Give again, unaltered, the lines of the listing below that run from the line having "Lemma disc_inner X" through the line having "rewrite !big_split /=.".

Dataset records:
--------------------------------------------------

Lemma row_free_gram_unit k m (Q : 'M[R]_(k, m)) : row_free Q -> Q *m Q^T \in unitmx.
Proof.
move=> Q_free; rewrite -row_free_unit; apply: inj_row_free => v vG0.
have : (v *m Q) *m (v *m Q)^T = 0 by rewrite trmx_mul !mulmxA -(mulmxA v) vG0 mul0mx.
move/(congr1 (fun A : 'M[R]_1 => A 0 0)); rewrite mulmx_tr_row00 mxE.
move/psumr_eq0P => vQ0; apply/eqP; rewrite -(mulmx_free_eq0 _ Q_free); apply/eqP.
apply/rowP => i; apply/eqP; rewrite [X in _ == X]mxE -sqrf_eq0; apply/eqP.
by apply: vQ0 => // j _; exact: sqr_ge0.
Qed.

(* A zero diagonal entry yields the junk value (sqrt 0)^-1 = 0, which zeroes
   its row and column. *)
Definition normalize_diag m (P : 'M[R]_m) : 'M[R]_m :=
  \matrix_(a, b) ((Num.sqrt (P a a))^-1 * P a b * (Num.sqrt (P b b))^-1).

Lemma psd_normalize_diag m (P : 'M[R]_m) : psd P -> psd (normalize_diag P).
Proof.
set s := \row_a (Num.sqrt (P a a))^-1.
have -> : normalize_diag P = diag_mx s *m P *m (diag_mx s)^T.
  by apply/matrixP => a b; rewrite tr_diag_mx mul_diag_mx mul_mx_diag !mxE.
exact: psd_congr.
Qed.

Lemma normalize_diag_le1 m (P : 'M[R]_m) a : psd P -> normalize_diag P a a <= 1.
Proof.
move=> psdP; rewrite mxE; have := psd_diag_ge0 a psdP.
rewrite le0r => /orP[/eqP->|Paa_gt0]; first by rewrite mulr0 mul0r.
by rewrite mulrC mulrA -expr2 exprVn sqr_sqrtr ?mulVf ?gt_eqF // ltW.
Qed.

End Psd.

Section Discrepancy.
Variable R : realType.

Lemma inner_norm_le m (X C : 'M[R]_m) :
  (forall a b, `|X a b| <= 1) -> inner X C <= \sum_a \sum_b `|C a b|.
Proof.
move=> X_le1; apply: ler_sum => a _; apply: ler_sum => b _.
by apply: le_trans (ler_norm _) _; rewrite normrM ler_piMl.
Qed.

Variables (n : nat) (M : 'M[R]_n).

Lemma disc_inner X :
  disc M X = inner X (symmetrization M - ((nnz M)%:R / n%:R ^+ 2) *: Kbip R n).
Proof.
rewrite /disc /inner mulr_sumr -sumrB; apply: eq_bigr => a _.
by rewrite mulr_sumr -sumrB; apply: eq_bigr => b _; rewrite !mxE; ring.
Qed.

Lemma disc_le_pdisc X : psd X -> (forall a, X a a <= 1) -> disc M X <= pdisc M.
Proof.
(* [sup] of an unbounded set is a junk value, hence the explicit bound. *)
move=> psdX X_le1; apply: ub_le_sup; last by exists X.
exists (\sum_a \sum_b
  `|(symmetrization M - ((nnz M)%:R / n%:R ^+ 2) *: Kbip R n) a b|).
move=> _ [Y [psdY Y_le1 ->]]; rewrite disc_inner.
by apply: inner_norm_le => a b; exact: psd_entry_le1.
Qed.

Lemma pdisc_ge0 : 0 <= pdisc M.
Proof.
have psd0 : psd (0 : 'M[R]_(n + n)).
  by split=> [|v]; rewrite ?trmx0 // mulmx0 mul0mx mxE.
apply: le_trans (disc_le_pdisc psd0 _); last by move=> a; rewrite mxE.
by rewrite disc_inner /inner big1 // => a _; rewrite big1 // => b _; rewrite mxE mul0r.
Qed.

Lemma inner_block_sym (X : 'M[R]_(n + n)) (C : 'M[R]_n) : X^T = X ->
  inner X (block_mx 0 C C^T 0)
    = 2 * \sum_i \sum_j X (lshift n i) (rshift n j) * C i j.
Proof.
move=> X_sym; have X_dl i j : X (rshift n j) (lshift n i) = X (lshift n i) (rshift n j).
  by rewrite -{1}X_sym mxE.
rewrite /inner big_split_ord /=.
under eq_bigr do rewrite big_split_ord /=.
under [S in _ + S = _]eq_bigr do rewrite big_split_ord /=.
rewrite !big_split /=.
under eq_bigr do under eq_bigr do rewrite block_mxEul mxE mulr0.
under [S in _ + S + _ = _]eq_bigr do under eq_bigr do rewrite block_mxEur.
under [S in _ + (S + _) = _]eq_bigr do under eq_bigr do rewrite block_mxEdl mxE X_dl.
under [S in _ + (_ + S) = _]eq_bigr do under eq_bigr do rewrite block_mxEdr mxE mulr0.
by rewrite [S in _ + (S + _)]exchange_big /= !big1_eq add0r addr0 mulr_natl mulr2n.
Qed.

Lemma disc_block_sym X : X^T = X ->
  disc M X = 2 * \sum_i \sum_j
    X (lshift n i) (rshift n j) * (M i j - (nnz M)%:R / n%:R ^+ 2).
Proof.
move=> X_sym; rewrite /disc /symmetrization inner_block_sym //.
have -> : Kbip R n = block_mx 0 (const_mx 1) (const_mx 1)^T 0 by rewrite trmx_const.
rewrite inner_block_sym // mulrCA -mulrBr; congr (2 * _).
rewrite mulr_sumr -sumrB; apply: eq_bigr => i _.
by rewrite mulr_sumr -sumrB; apply: eq_bigr => j _; rewrite mxE; ring.
Qed.

End Discrepancy.

Section GramConstruction.
Variables (R : realType) (n : nat) (B : 'M[R]_n).

Lemma gram_block_psd : exists P : 'M[R]_(n + n),
  [/\ psd P, forall i j, P (lshift n i) (rshift n j) = B i j,
      forall i, P (lshift n i) (lshift n i) = \sum_j B i j ^+ 2
    & \sum_j P (rshift n j) (rshift n j) = (\rank B)%:R].
Proof.
set L := col_base B; set Q := row_base B; set G := Q *m Q^T; set Gi := invmx G.
have G_unit : G \in unitmx := row_free_gram_unit (row_base_free B).
have G_sym : G^T = G by rewrite /G trmx_mul trmxK.
have Gi_sym : Gi^T = Gi by rewrite /Gi trmx_inv G_sym.
have GGi : G *m Gi = 1%:M by rewrite mulmxV.
have GiG : Gi *m G = 1%:M by rewrite mulVmx.
have LQ : L *m Q = B := mulmx_base B.
set V := col_mx L (Q^T *m Gi).
have P_eq : V *m G *m V^T = block_mx (B *m B^T) B B^T (Q^T *m Gi *m Q).
  rewrite /V mul_col_mx tr_col_mx mul_col_row [(_ *m Gi)^T]trmx_mul Gi_sym trmxK.
  congr block_mx.
  - by rewrite /G (mulmxA L Q) -(mulmxA (L *m Q)) -trmx_mul LQ.
  - by rewrite -(mulmxA L G) (mulmxA G Gi Q) GGi mul1mx LQ.
  - by rewrite -(mulmxA Q^T Gi G) GiG mulmx1 -trmx_mul LQ.
  - by rewrite -(mulmxA Q^T Gi G) GiG mulmx1 mulmxA.
exists (block_mx (B *m B^T) B B^T (Q^T *m Gi *m Q)); split.
- by rewrite -P_eq; exact: psd_congr (psd_gram Q).
- by move=> i j; rewrite block_mxEur.
- move=> i; rewrite block_mxEul mxE.
  by apply: eq_bigr => j _; rewrite mxE expr2.
- under eq_bigr do rewrite block_mxEdr.
  by rewrite -/(\tr _) mxtrace_mulC mulmxA GGi mxtrace1.
Qed.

--------------------------------------------------

Solution for this task:
Lemma disc_inner X :
  disc M X = inner X (symmetrization M - ((nnz M)%:R / n%:R ^+ 2) *: Kbip R n).
Proof.
rewrite /disc /inner mulr_sumr -sumrB; apply: eq_bigr => a _.
by rewrite mulr_sumr -sumrB; apply: eq_bigr => b _; rewrite !mxE; ring.
Qed.

Lemma disc_le_pdisc X : psd X -> (forall a, X a a <= 1) -> disc M X <= pdisc M.
Proof.
(* [sup] of an unbounded set is a junk value, hence the explicit bound. *)
move=> psdX X_le1; apply: ub_le_sup; last by exists X.
exists (\sum_a \sum_b
  `|(symmetrization M - ((nnz M)%:R / n%:R ^+ 2) *: Kbip R n) a b|).
move=> _ [Y [psdY Y_le1 ->]]; rewrite disc_inner.
by apply: inner_norm_le => a b; exact: psd_entry_le1.
Qed.

Lemma pdisc_ge0 : 0 <= pdisc M.
Proof.
have psd0 : psd (0 : 'M[R]_(n + n)).
  by split=> [|v]; rewrite ?trmx0 // mulmx0 mul0mx mxE.
apply: le_trans (disc_le_pdisc psd0 _); last by move=> a; rewrite mxE.
by rewrite disc_inner /inner big1 // => a _; rewrite big1 // => b _; rewrite mxE mul0r.
Qed.

Lemma inner_block_sym (X : 'M[R]_(n + n)) (C : 'M[R]_n) : X^T = X ->
  inner X (block_mx 0 C C^T 0)
    = 2 * \sum_i \sum_j X (lshift n i) (rshift n j) * C i j.
Proof.
move=> X_sym; have X_dl i j : X (rshift n j) (lshift n i) = X (lshift n i) (rshift n j).
  by rewrite -{1}X_sym mxE.
rewrite /inner big_split_ord /=.
under eq_bigr do rewrite big_split_ord /=.
under [S in _ + S = _]eq_bigr do rewrite big_split_ord /=.
rewrite !big_split /=.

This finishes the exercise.